> _SUPPLIED DATA_
* * * * * * * * *

Lemma grid_gap {i} {l l' : 'I_(k i)} : G i l' < G i l -> 2 * delta < G i l - G i l'.
Proof.
move=> lt_l'l.
(* Use c(G) > 2 delta on two grid points differing only in coordinate [i]. *)
pose t0 j : 'I_(k j) := Ordinal (k_gt0 j).
pose t (l0 : 'I_(k i)) j : 'I_(k j) := if j == i then insubd (t0 j) (val l0) else t0 j.
have t_i l0 : t l0 i = l0 by apply: val_inj; rewrite /t eqxx val_insubd ltn_ord.
have t_j l0 j : j != i -> t l0 j = t0 j by move=> /negbTE h; rewrite /t h.
have : 2 * delta < supdist (gpoint G (t l)) (gpoint G (t l')).
  apply: G_sep => /(congr1 (fun f => f i)); rewrite /gpoint !t_i => e.
  by move: lt_l'l; rewrite e ltxx.
suff : supdist (gpoint G (t l)) (gpoint G (t l')) <= G i l - G i l' by lra.
rewrite /supdist; apply: (big_ind (fun x => x <= G i l - G i l')).
- by rewrite subr_ge0 ltW.
- by move=> x y hx hy; rewrite ge_max hx hy.
- move=> j _; rewrite /gpoint; case: (eqVneq j i) => [->|ne].
    by rewrite !t_i gtr0_norm // subr_gt0.
  by rewrite !t_j // subrr normr0 subr_ge0 ltW.
Qed.

Definition grid_values i : seq R := [seq G i l | l <- enum 'I_(k i)].

Lemma grid_valuesP i (l : 'I_(k i)) : G i l \in grid_values i.
Proof. by rewrite map_f ?mem_enum. Qed.

Definition plus_stable i (x : R) :=
  forall l : 'I_(k i), ~ ((G i l - delta <= x) && (x < G i l)).

Lemma mergeP_ge a i : a i <= mergeP G delta a i.
Proof. by rewrite /mergeP; case: pickP => [l /andP[_ h]|_]. Qed.

Lemma mergeP_stable a i : plus_stable i (mergeP G delta a i).
Proof.
move=> l /andP []; rewrite /mergeP; case: pickP => [l0 _|none] h1 h2.
  by have := grid_gap h2; lra.
by have := none l; rewrite h1 /= (ltW h2).
Qed.

Lemma AplusP s : Aplus G delta s <-> forall i, plus_stable i (s i).
Proof.
split=> [e i|h]; first by rewrite -e; exact: mergeP_stable.
apply: functional_extensionality => i; rewrite /mergeP.
case: pickP => [l /andP[h1 h2]|] //.
apply/eqP; rewrite eq_le h2 andbT leNgt; apply/negP => h3.
by apply: (h i l); rewrite h1 h3.
Qed.

Lemma Aplus_lep s x : Aplus G delta s -> lep (mergeP G delta x) s = lep x s.
Proof.
move=> /AplusP s_stable; apply: eq_forallb => i.
apply/idP/idP; first exact: le_trans (mergeP_ge x i).
rewrite /mergeP; case: pickP => [l /andP[h1 h2] | _] // h.
rewrite leNgt; apply/negP => h3; apply: (s_stable i l).
by rewrite (le_trans h1 h) h3.
Qed.
(* Let $\mathcal C$ be a Markov category that has conditionals and precise supports. Then the relation $\sim$ on states $I \leadsto X$ of $\mathrm{Obs}(\mathcal C)$ is a functorial equivalence relation. That is, it is an equivalence relation, and for all states $(K,\psi,o),(K',\psi',o') : I\leadsto X$ with $(K,\psi,o)\sim(K',\psi',o')$ and every morphism $(H,f,v):X\leadsto Y$ of $\mathrm{Obs}(\mathcal C)$ we have \[(H\otimes K,(f\otimes \mathrm{id}_K)\psi, v\otimes o)\ \sim\ (H\otimes K',(f\otimes\mathrm{id}_{K'})\psi', v\otimes o').\]
   Context: A Markov category is a symmetric monoidal category $(\mathcal C,\otimes,I)$ (assumed strict monoidal) in which every object $X$ carries a commutative comonoid $\mathrm{copy}_X:X\to X\otimes X$, $\mathrm{del}_X:X\to I$, compatible with $\otimes$ (i.e. $\mathrm{copy}_{X\otimes Y}$, $\mathrm{del}_{X\otimes Y}$ are obtained from those of $X$ and $Y$ using the symmetry), and in which $I$ is terminal. Write $gf$ for $g\circ f$. A morphism $f:X\to Y$ is deterministic if $\mathrm{copy}_Y f=(f\otimes f)\mathrm{copy}_X$. For $f:A\to X$, $g:A\to Y$ put $\langle f,g\rangle=(f\otimes g)\mathrm{copy}_A$. For $f:A\to X\otimes Y$ the marginals are $f_X=(\mathrm{id}_X\otimes\mathrm{del}_Y)f$ and $f_Y=(\mathrm{del}_X\otimes \mathrm{id}_Y)f$. A state is a morphism $I\to X$. A conditional of $f:A\to X\otimes Y$ with respect to $X$ is a morphism $f|_X:X\otimes A\to Y$ with $f=(\mathrm{id}_X\otimes f|_X)(\mathrm{copy}_X\otimes\mathrm{id}_A)(f_X\otimes \mathrm{id}_A)\mathrm{copy}_A$ (for a state $\psi:I\to X\otimes Y$: $\psi=\langle\mathrm{id}_X,\psi|_X\rangle\psi_X$); conditionals with respect to $Y$ are defined symmetrically; $\mathcal C$ has conditionals if all such conditionals exist. For a state $\mu:I\to X$ and $f,g:X\to Y$, write $f=_\mu g$ if $\langle\mathrm{id}_X,f\rangle\mu=\langle\mathrm{id}_X,g\rangle\mu$. For states $\mu,\nu:I\to X$, $\mu\ll\nu$ means: for all $Y$ and all $f,g:X\to Y$, $f=_\nu g$ implies $f=_\mu g$. $\mathcal C$ has precise supports if for all deterministic $x:I\to X$, $y:I\to Y$, all $f:X\to Y$ and all $\mu:I\to X$: $x\otimes y\ll\langle\mathrm{id}_X,f\rangle\mu$ iff ($x\ll\mu$ and $y\ll fx$). The category $\mathrm{Obs}(\mathcal C)$ has the objects of $\mathcal C$; a morphism $X\leadsto Y$ is a triple $(K,f,o)$ with $K$ an object, $f:X\to Y\otimes K$ in $\mathcal C$ and $o:I\to K$ deterministic; identities are $(I,\mathrm{id}_X,\mathrm{id}_I)$; composition is $(K',f',o')\bullet(K,f,o)=(K'\otimes K,(f'\otimes\mathrm{id}_K)f,o'\otimes o)$; the tensor of $(K,f,o):X\leadsto Y$ and $(K',f',o'):X'\leadsto Y'$ is $(K'\otimes K,(\mathrm{id}_{Y'}\otimes\mathrm{swap}_{K',Y}\otimes \mathrm{id}_K)(f'\otimes f),o'\otimes o)$ (order of factors as written). A state $(K,\psi,o):I\leadsto X$ (so $\psi:I\to X\otimes K$) is an inference problem; it succeeds if $o\ll\psi_K$, in which case its posterior is $\psi|_K\, o:I\to X$, where $\psi|_K:K\to X$ is a conditional of $\psi$ with respect to $K$. Define $(K,\psi,o)\sim(K',\psi',o')$ iff either ($o\ll\psi_K$, $o'\ll\psi'_{K'}$ and $\psi|_K o=\psi'|_{K'}o'$) or ($o\not\ll\psi_K$ and $o'\not\ll\psi'_{K'}$). *)

(** Strictness is expressed by propositional equalities of objects
    [tens_assoc], [tens_unitl], [tens_unitr]; morphisms are transported along
    them with [cast] (an identity morphism up to transport). *)
Record MarkovData := {
  ob : Type;
  hom : ob -> ob -> Type;
  idm : forall X, hom X X;
  comp : forall X Y Z, hom Y Z -> hom X Y -> hom X Z;
  tens : ob -> ob -> ob;
  unit : ob;
  tensm : forall X Y X' Y', hom X Y -> hom X' Y' -> hom (tens X X') (tens Y Y');
  tens_assoc : forall X Y Z, tens (tens X Y) Z = tens X (tens Y Z);
  tens_unitl : forall X, tens unit X = X;
  tens_unitr : forall X, tens X unit = X;
  swap : forall X Y, hom (tens X Y) (tens Y X);
  copy : forall X, hom X (tens X X);
  del : forall X, hom X unit }.

Arguments hom {m} _ _.
Arguments idm {m} X.
Arguments comp {m X Y Z} _ _.
Arguments tens {m} _ _.
Arguments unit {m}.
Arguments tensm {m X Y X' Y'} _ _.
Arguments tens_assoc {m} X Y Z.
Arguments tens_unitl {m} X.
Arguments tens_unitr {m} X.
Arguments swap {m} X Y.
Arguments copy {m} X.
Arguments del {m} X.

Definition cast {C : MarkovData} {X Y : ob C} (e : X = Y) : hom X Y :=
  match e in _ = Z return hom X Z with eq_refl => idm X end.

Declare Scope markov_scope.
Delimit Scope markov_scope with MK.
Open Scope markov_scope.
Notation "g ∘ f" := (comp g f) (at level 40, left associativity) : markov_scope.
Notation "f ⊗ g" := (tensm f g) (at level 34, left associativity) : markov_scope.

Record MarkovAxioms (C : MarkovData) : Prop := {
  comp_idl : forall (X Y : ob C) (f : hom X Y), idm Y ∘ f = f;
  comp_idr : forall (X Y : ob C) (f : hom X Y), f ∘ idm X = f;
  comp_assoc : forall (X Y Z W : ob C) (f : hom X Y) (g : hom Y Z) (h : hom Z W),
      h ∘ (g ∘ f) = (h ∘ g) ∘ f;
  tensm_id : forall (X Y : ob C), idm X ⊗ idm Y = idm (tens X Y);
  tensm_comp : forall (X Y Z X' Y' Z' : ob C) (f : hom X Y) (g : hom Y Z)
      (f' : hom X' Y') (g' : hom Y' Z'), (g ∘ f) ⊗ (g' ∘ f') = (g ⊗ g') ∘ (f ⊗ f');
  tensm_assoc : forall (X Y Z X' Y' Z' : ob C) (f : hom X X') (g : hom Y Y') (h : hom Z Z'),
      cast (tens_assoc X' Y' Z') ∘ ((f ⊗ g) ⊗ h) = (f ⊗ (g ⊗ h)) ∘ cast (tens_assoc X Y Z);
  tensm_unitl : forall (X Y : ob C) (f : hom X Y),
      cast (tens_unitl Y) ∘ (idm unit ⊗ f) = f ∘ cast (tens_unitl X);
  tensm_unitr : forall (X Y : ob C) (f : hom X Y),
      cast (tens_unitr Y) ∘ (f ⊗ idm unit) = f ∘ cast (tens_unitr X);
  swap_nat : forall (X Y X' Y' : ob C) (f : hom X X') (g : hom Y Y'),
      swap X' Y' ∘ (f ⊗ g) = (g ⊗ f) ∘ swap X Y;
  swap_inv : forall (X Y : ob C), swap Y X ∘ swap X Y = idm (tens X Y);
  swap_hex : forall (X Y Z : ob C),
      swap X (tens Y Z) =
        cast (eq_sym (tens_assoc Y Z X)) ∘ (idm Y ⊗ swap X Z)
        ∘ cast (tens_assoc Y X Z) ∘ (swap X Y ⊗ idm Z) ∘ cast (eq_sym (tens_assoc X Y Z));
  swap_unit : forall (X : ob C),
      cast (tens_unitl X) ∘ swap X unit = cast (tens_unitr X);
  copy_counitl : forall (X : ob C), cast (tens_unitl X) ∘ (del X ⊗ idm X) ∘ copy X = idm X;
  copy_counitr : forall (X : ob C), cast (tens_unitr X) ∘ (idm X ⊗ del X) ∘ copy X = idm X;
  copy_coassoc : forall (X : ob C),
      cast (tens_assoc X X X) ∘ (copy X ⊗ idm X) ∘ copy X = (idm X ⊗ copy X) ∘ copy X;
  copy_comm : forall (X : ob C), swap X X ∘ copy X = copy X;
  copy_tens : forall (X Y : ob C),
      copy (tens X Y) =
        cast (eq_trans (f_equal (tens X) (tens_assoc Y X Y))
                       (eq_sym (tens_assoc X Y (tens X Y))))
        ∘ (idm X ⊗ (swap X Y ⊗ idm Y))
        ∘ cast (eq_trans (tens_assoc X X (tens Y Y))
                         (f_equal (tens X) (eq_sym (tens_assoc X Y Y))))
        ∘ (copy X ⊗ copy Y);
  del_tens : forall (X Y : ob C),
      del (tens X Y) = cast (tens_unitl unit) ∘ (del X ⊗ del Y);
  unit_terminal : forall (X : ob C) (f g : hom X unit), f = g }.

* * * * * * * * *

> _THE TASK_
Look above for the line holding "Record MarkovAxioms (C". Print it and every line after it, exactly, through the line holding "tensm_assoc : forall".

> _SOLUTION TO THIS TASK_
Record MarkovAxioms (C : MarkovData) : Prop := {
  comp_idl : forall (X Y : ob C) (f : hom X Y), idm Y ∘ f = f;
  comp_idr : forall (X Y : ob C) (f : hom X Y), f ∘ idm X = f;
  comp_assoc : forall (X Y Z W : ob C) (f : hom X Y) (g : hom Y Z) (h : hom Z W),
      h ∘ (g ∘ f) = (h ∘ g) ∘ f;
  tensm_id : forall (X Y : ob C), idm X ⊗ idm Y = idm (tens X Y);
  tensm_comp : forall (X Y Z X' Y' Z' : ob C) (f : hom X Y) (g : hom Y Z)
      (f' : hom X' Y') (g' : hom Y' Z'), (g ∘ f) ⊗ (g' ∘ f') = (g ⊗ g') ∘ (f ⊗ f');
  tensm_assoc : forall (X Y Z X' Y' Z' : ob C) (f : hom X X') (g : hom Y Y') (h : hom Z Z'),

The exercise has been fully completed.